One of my fellow course mates had a part-time job, a netball coaching job, and various other hobbies and activities that she indulged in, always managing to spend time on her studies as well. That girl eventually really DID get a kick-ass degree!

As counter intuitive as it seems, taking time away from studying and spending a healthy amount of time on self-care is THE BIGGEST tool for success and wellbeing that there is! Everyone needs to recharge their batteries regularly. So, have a think about what you like to do to relax and unwind. Is it reading a book? Going for a run? Something that has really helped me is having a list of things that I know I enjoy readily available to me to look at when I feel I need a break. Another helpful tip is to make yourself clear, realistic, small goals every day. Something like: ‘today I will read 2 journal articles’. And then when you complete those tasks, don’t be tempted to give yourself more.
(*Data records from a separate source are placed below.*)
Lemma RF_le_2rC_first_segment K (M : R) : (3 <= K)%N -> 1 <= M <= 2 ->
  RF K.+1 K M <= 2 * rC M K.+1 K.
Proof.
move=> K3 /andP[M1 M2].
have k3 : (3 : R) <= K%:R by rewrite ler_nat.
have K0 : (0 < K)%N by lia.
have M0N : 0 <= M <= K.+1%:R by rewrite -natr1; apply/andP; split; lra.
pose P (y : R) := (1 - y / 2) * (K%:R + 1) + y / 2 * ((K%:R - 1) / 2).
have affP : affine P by move=> x y u; rewrite /P; ring.
have RF_le : RF K.+1 K M <= P M.
  have := @lce_le_chord R (RF_points R K.+1 K) 0 2 (M / 2) M.
  rewrite size_RF_points nth_RF_points // Rval_full ?subSS ?subn0 //= /P -[K.+1%:R]natr1.
  apply=> //; first by apply/andP; split; lra.
  by field; rewrite gt_eqF //; lra.
apply: le_trans RF_le _.
pose c : R := (K%:R + 1) / K%:R.
have Pc (t : nat) : (t <= 1)%N -> P c <= 2 * secant K%:R t%:R (c * K%:R / K.+1%:R).
  move=> t1; rewrite -subr_ge0 (_ : _ - _ = (K%:R - 1) * (K%:R - 3) / (4 * K%:R)).
    by rewrite divr_ge0 ?mulr_ge0; lra.
  case: t t1 => [|[]] // _;
    by rewrite /P /c /secant -[K.+1%:R]natr1; field; rewrite !gt_eqF //; lra.
have [Mc|cM] := leP M c.
  apply: (le_2rC_of_secant (t := 0) K0 (leqnSn K) M0N (_ : 1 <= M <= c) affP).
  - by rewrite M1.
  - rewrite -subr_ge0 (_ : _ - _ = (K%:R - 1) / 4); first lra.
    by rewrite /P /secant -[K.+1%:R]natr1; field; rewrite !gt_eqF //; lra.
  - exact: Pc.
apply: (le_2rC_of_secant (t := 1) K0 (leqnSn K) M0N (_ : c <= M <= 2) affP).
- by rewrite M2 ltW.
- exact: Pc.
rewrite -subr_ge0 (_ : _ - _ = (K%:R - 1) / 6); first lra.
by rewrite /P /secant -[K.+1%:R]natr1; field; rewrite !gt_eqF //; lra.
Qed.

Lemma secant_le_2rC N K s (l M : R) : (K < N)%N -> (s < K)%N ->
  (0 < s)%N || (K.+2 <= N)%N -> 0 <= l <= 1 ->
  M = 1 + (s%:R + l) * (N%:R - 1) / K%:R ->
  secant K%:R s%:R (s%:R + l) <= 2 * rC M N K.
Proof.
move=> KN sK sN /andP[l0 l1] HM.
have K0 : (0 < K)%N by lia.
have kp : (0 : R) < K%:R by rewrite ltr0n.
have kn : (K%:R + 1 : R) <= N%:R by rewrite natr1 ler_nat.
have n1 : (0 : R) < N%:R - 1 by lra.
have sk : (s%:R + 1 : R) <= K%:R by rewrite natr1 ler_nat.
have s0 := ler0n R s.
have M0N : 0 <= M <= N%:R.
  rewrite HM; apply/andP; split; first by rewrite addr_ge0 ?divr_ge0 ?mulr_ge0 //; lra.
  rewrite -lerBrDl ler_pdivrMr // mulrC ler_wpM2l //; lra.
pose P (y : R) := secant K%:R s%:R ((y - 1) * K%:R / (N%:R - 1)).
have affP : affine P by move=> x y u; rewrite /P /secant; ring.
rewrite (_ : s%:R + l = (M - 1) * K%:R / (N%:R - 1)); last first.
  by rewrite HM; field; rewrite !gt_eqF //; lra.
pose x (t : R) := 1 + t * (N%:R - 1) / K%:R.
pose c : R := (s%:R + 1) * N%:R / K%:R.
have Pc (t : nat) : (s <= t <= s.+1)%N ->
    P c <= 2 * secant K%:R t%:R (c * K%:R / N%:R).
  have mid : 0 <= (N%:R - 1) * (s%:R + 1) - (K%:R + 1) :> R.
    case/orP: sN => [s1|N2].
      have Ks : 1 <= K%:R * s%:R :> R by rewrite -natrM ler1n muln_gt0 K0.
      have : 0 <= (N%:R - 1 - K%:R) * (s%:R + 1) :> R by apply: mulr_ge0; lra.
      lra.
    have : (K%:R + 2 : R) <= N%:R by rewrite -[2]/(1 + 1) addrA !natr1 ler_nat.
    nra.
  move=> st; rewrite -subr_ge0 (_ : _ - _ = (K%:R - s%:R - 1)
      * ((N%:R - 1) * (s%:R + 1) - (K%:R + 1)) / ((s%:R + 2) * (N%:R - 1) * (s%:R + 1))).
    by rewrite divr_ge0 ?mulr_ge0 //; lra.
  have [->|->] : t = s \/ t = s.+1 by lia.
    by rewrite /P /c /secant; field; rewrite !gt_eqF //; lra.
  by rewrite /P /c /secant -natr1; field; rewrite !gt_eqF //; lra.
have [Mc|cM] := leP M c.
  apply: (le_2rC_of_secant (t := s) K0 (ltnW KN) M0N (_ : x s%:R <= M <= c) affP).
  - by rewrite Mc HM /x lerD2l andbT !ler_pM2r ?invr_gt0 //; lra.
  - rewrite -subr_ge0 (_ : _ - _ = (K%:R - s%:R)
        * (N%:R * (s%:R + 2) - 2 * (K%:R + 1)) / (N%:R * (s%:R + 1) * (s%:R + 2))).
      by rewrite divr_ge0 ?mulr_ge0 //; nra.
    by rewrite /P /x /secant; field; rewrite !gt_eqF //; lra.
  - by apply: Pc; rewrite leqnn leqnSn.
apply: (le_2rC_of_secant (t := s.+1) K0 (ltnW KN) M0N (_ : c <= M <= x (s%:R + 1)) affP).
- by rewrite (ltW cM) HM /x lerD2l !ler_pM2r ?invr_gt0 //; lra.
- by apply: Pc; rewrite leqnSn leqnn.
rewrite -subr_ge0 (_ : _ - _ = (K%:R - s%:R - 1)
    * (N%:R * (s%:R + 3) - 2 * (K%:R + 1)) / (N%:R * (s%:R + 2) * (s%:R + 3))).
  by rewrite divr_ge0 ?mulr_ge0 //; nra.
by rewrite /P /x /secant -natr1; field; rewrite !gt_eqF //; lra.
Qed.

Lemma RF_le_2rC N K (M : R) : (2 <= K)%N -> (K < N)%N -> (N, K) <> (3%N, 2%N) ->
  1 <= M <= N%:R -> RF N K M <= 2 * rC M N K.
Proof.
move=> K2 KN NK32 HM.
have N2 : (2 <= N)%N by lia.
have K0 : (0 < K)%N by lia.
have [s [l [sK l01 Ml RF_le]]] := RF_le_chord N2 K0 HM.
have [[s0 NK1]|sN] : (s = 0 /\ N = K.+1)%N \/ ((0 < s) || (K.+2 <= N))%N by lia.
  subst s N; apply: RF_le_2rC_first_segment.
    by case: (K =P 2%N) NK32 => [-> //|/eqP]; lia.
  have -> : M = 1 + l by rewrite Ml -natr1; field; rewrite gt_eqF ?ltr0n.
  by case/andP: l01 => l0 l1; apply/andP; split; lra.
apply: le_trans RF_le _; rewrite !Rval_full //; try lia.
rewrite (_ : _ + _ = secant K%:R s%:R (s%:R + l)); first exact: secant_le_2rC.
by rewrite /secant -natr1; field; rewrite !gt_eqF //; have := ler0n R s; lra.
Qed.

End RCBound.

Theorem lemma5 (R : realType) (N K : nat) :
  (2 <= N)%N -> (2 <= K)%N ->
  ((K < N)%N -> (N, K) <> (3%N, 2%N) ->
     forall M : R, 1 <= M <= N%:R -> RF N K M <= 2 * rC M N K) /\
  ((N <= K)%N ->
     forall M : R, 1 <= M <= N%:R -> RF N K M <= expR 1 * rD M N K).
Proof.
move=> N2 K2; split => [KN NK32 M|NK M]; first exact: RF_le_2rC.
exact: RF_le_e_rD.
Qed.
You’ve done what you set out to do!

Too much studying can have a really big impact on our health and wellbeing, and can give us a distorted view of how much our grades mean in the grand scheme of things. Be kind to yourself and prioritise that me-time as much as you need.

Hi I’m Charlotte! I work at the London School of Economics looking at refining and improving the student experience in my department. I graduated with a BSc in Psychology in 2012, and an MSc in Sport and Exercise Psychology in 2017; these university experiences alerted me to the debilitating effect anxiety and depression can have on young people, as it was something I struggled with. Coming across the Student Minds blog made me wish I’d found a resource like this when I was studying, so I want to give back to the community by sharing my experience.